PROBLEM TO WORK ON
Below are some records; quote exactly the lines from the one that contains "(forall i, diam_le" through the one that contains "End Metric.", inclusive, and no others.

ENTRIES SUPPLIED
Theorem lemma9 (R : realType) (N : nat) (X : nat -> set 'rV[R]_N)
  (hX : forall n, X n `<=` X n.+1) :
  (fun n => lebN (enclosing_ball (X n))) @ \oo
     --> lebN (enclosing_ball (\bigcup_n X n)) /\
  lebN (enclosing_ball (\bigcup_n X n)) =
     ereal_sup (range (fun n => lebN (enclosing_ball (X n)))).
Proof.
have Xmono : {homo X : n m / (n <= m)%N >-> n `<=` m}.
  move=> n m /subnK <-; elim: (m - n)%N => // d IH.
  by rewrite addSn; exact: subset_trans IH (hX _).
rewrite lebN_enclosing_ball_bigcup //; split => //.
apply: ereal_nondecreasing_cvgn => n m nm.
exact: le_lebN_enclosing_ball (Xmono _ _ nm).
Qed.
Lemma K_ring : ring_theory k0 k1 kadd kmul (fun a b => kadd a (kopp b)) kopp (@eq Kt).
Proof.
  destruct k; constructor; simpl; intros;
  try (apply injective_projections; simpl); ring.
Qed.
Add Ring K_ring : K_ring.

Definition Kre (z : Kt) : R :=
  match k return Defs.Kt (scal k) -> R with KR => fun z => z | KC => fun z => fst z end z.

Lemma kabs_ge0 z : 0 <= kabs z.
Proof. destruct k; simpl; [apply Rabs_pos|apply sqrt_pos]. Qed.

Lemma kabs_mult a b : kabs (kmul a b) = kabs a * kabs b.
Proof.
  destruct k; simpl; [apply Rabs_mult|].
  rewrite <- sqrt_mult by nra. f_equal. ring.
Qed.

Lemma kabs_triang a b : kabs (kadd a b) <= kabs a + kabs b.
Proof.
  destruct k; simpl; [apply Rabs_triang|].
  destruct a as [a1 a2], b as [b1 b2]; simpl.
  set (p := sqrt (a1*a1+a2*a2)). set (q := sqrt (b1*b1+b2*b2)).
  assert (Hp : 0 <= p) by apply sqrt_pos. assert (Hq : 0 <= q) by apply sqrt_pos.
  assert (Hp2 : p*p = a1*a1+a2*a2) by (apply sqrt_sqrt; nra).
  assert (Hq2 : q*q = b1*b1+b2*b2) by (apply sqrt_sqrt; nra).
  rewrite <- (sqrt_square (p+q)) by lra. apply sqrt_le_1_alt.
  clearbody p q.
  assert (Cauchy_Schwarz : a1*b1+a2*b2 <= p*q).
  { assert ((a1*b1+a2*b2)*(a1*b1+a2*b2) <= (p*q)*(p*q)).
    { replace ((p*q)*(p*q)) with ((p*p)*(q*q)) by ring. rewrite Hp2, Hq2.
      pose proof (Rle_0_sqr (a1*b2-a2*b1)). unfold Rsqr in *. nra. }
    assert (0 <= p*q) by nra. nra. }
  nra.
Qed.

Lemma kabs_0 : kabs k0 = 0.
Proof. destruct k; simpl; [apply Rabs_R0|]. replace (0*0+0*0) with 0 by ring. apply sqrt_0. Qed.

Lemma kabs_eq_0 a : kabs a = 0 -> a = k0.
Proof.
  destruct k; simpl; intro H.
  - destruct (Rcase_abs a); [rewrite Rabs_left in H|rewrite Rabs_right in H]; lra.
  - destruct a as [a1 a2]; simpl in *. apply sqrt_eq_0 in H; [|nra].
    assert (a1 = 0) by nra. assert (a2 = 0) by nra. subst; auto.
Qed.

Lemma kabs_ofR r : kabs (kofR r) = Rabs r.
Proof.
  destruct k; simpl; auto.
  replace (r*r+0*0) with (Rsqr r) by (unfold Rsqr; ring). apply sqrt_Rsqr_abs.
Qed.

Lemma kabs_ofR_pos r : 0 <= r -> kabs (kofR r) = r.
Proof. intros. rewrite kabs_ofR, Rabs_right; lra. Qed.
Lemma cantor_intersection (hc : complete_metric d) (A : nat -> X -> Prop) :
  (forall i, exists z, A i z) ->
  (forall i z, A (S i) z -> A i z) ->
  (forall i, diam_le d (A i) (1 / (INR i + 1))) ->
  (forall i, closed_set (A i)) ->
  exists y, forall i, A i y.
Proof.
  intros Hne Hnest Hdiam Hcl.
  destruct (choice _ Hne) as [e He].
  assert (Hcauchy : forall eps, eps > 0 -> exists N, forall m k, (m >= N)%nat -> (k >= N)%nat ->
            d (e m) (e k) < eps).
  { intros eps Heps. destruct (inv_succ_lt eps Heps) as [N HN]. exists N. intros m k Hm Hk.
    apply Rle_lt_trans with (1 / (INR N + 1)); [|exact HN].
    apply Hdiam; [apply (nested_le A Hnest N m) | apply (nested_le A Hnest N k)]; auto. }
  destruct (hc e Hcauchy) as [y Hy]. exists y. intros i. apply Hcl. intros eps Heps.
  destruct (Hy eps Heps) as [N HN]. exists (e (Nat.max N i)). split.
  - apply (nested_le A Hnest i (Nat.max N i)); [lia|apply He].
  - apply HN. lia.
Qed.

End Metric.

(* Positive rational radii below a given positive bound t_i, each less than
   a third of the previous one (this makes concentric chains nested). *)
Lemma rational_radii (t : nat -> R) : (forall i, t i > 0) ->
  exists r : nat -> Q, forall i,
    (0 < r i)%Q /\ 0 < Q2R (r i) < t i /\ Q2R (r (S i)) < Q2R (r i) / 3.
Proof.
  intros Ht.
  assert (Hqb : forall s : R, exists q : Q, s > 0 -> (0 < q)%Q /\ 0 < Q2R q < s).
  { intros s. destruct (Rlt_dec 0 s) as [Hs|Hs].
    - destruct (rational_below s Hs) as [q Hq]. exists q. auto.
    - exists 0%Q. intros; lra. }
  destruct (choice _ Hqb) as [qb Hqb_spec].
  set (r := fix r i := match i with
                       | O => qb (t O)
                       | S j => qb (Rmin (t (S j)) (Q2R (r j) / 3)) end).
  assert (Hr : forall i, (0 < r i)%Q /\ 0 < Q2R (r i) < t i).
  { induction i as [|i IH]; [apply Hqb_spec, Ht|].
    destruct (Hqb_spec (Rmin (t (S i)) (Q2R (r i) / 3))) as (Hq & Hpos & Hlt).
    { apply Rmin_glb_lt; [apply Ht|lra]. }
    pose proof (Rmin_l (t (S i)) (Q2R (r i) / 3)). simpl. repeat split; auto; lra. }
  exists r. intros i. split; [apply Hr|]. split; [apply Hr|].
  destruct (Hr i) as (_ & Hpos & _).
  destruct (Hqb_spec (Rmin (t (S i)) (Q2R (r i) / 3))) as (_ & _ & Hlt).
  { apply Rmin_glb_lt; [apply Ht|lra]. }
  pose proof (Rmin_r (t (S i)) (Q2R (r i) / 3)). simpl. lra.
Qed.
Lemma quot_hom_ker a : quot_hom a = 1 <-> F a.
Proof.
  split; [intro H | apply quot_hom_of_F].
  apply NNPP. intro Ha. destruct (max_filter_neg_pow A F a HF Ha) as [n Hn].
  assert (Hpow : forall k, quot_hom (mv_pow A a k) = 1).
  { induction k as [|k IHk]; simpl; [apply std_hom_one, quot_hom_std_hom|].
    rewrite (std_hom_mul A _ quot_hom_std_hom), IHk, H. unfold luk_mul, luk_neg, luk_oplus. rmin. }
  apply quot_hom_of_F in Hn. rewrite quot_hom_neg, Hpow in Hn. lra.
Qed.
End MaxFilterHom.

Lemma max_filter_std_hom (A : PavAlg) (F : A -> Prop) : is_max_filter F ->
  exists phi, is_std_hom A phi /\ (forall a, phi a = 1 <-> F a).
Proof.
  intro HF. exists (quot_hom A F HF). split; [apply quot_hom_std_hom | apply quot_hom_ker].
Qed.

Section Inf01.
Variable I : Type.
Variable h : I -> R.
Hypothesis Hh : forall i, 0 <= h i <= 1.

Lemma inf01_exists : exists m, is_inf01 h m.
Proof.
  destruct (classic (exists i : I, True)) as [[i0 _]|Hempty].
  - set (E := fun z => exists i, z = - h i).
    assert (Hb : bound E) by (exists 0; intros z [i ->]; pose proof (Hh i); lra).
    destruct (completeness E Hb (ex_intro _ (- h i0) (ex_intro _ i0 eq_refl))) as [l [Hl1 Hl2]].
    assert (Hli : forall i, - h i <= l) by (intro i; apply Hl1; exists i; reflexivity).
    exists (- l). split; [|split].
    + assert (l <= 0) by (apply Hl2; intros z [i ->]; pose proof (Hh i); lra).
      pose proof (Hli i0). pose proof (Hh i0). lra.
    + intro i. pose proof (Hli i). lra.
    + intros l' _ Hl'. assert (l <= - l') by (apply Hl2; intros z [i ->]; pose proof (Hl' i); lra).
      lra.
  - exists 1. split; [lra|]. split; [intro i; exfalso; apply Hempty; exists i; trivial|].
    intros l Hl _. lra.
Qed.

EXERCISE RESPONSE
  (forall i, diam_le d (A i) (1 / (INR i + 1))) ->
  (forall i, closed_set (A i)) ->
  exists y, forall i, A i y.
Proof.
  intros Hne Hnest Hdiam Hcl.
  destruct (choice _ Hne) as [e He].
  assert (Hcauchy : forall eps, eps > 0 -> exists N, forall m k, (m >= N)%nat -> (k >= N)%nat ->
            d (e m) (e k) < eps).
  { intros eps Heps. destruct (inv_succ_lt eps Heps) as [N HN]. exists N. intros m k Hm Hk.
    apply Rle_lt_trans with (1 / (INR N + 1)); [|exact HN].
    apply Hdiam; [apply (nested_le A Hnest N m) | apply (nested_le A Hnest N k)]; auto. }
  destruct (hc e Hcauchy) as [y Hy]. exists y. intros i. apply Hcl. intros eps Heps.
  destruct (Hy eps Heps) as [N HN]. exists (e (Nat.max N i)). split.
  - apply (nested_le A Hnest i (Nat.max N i)); [lia|apply He].
  - apply HN. lia.
Qed.

End Metric.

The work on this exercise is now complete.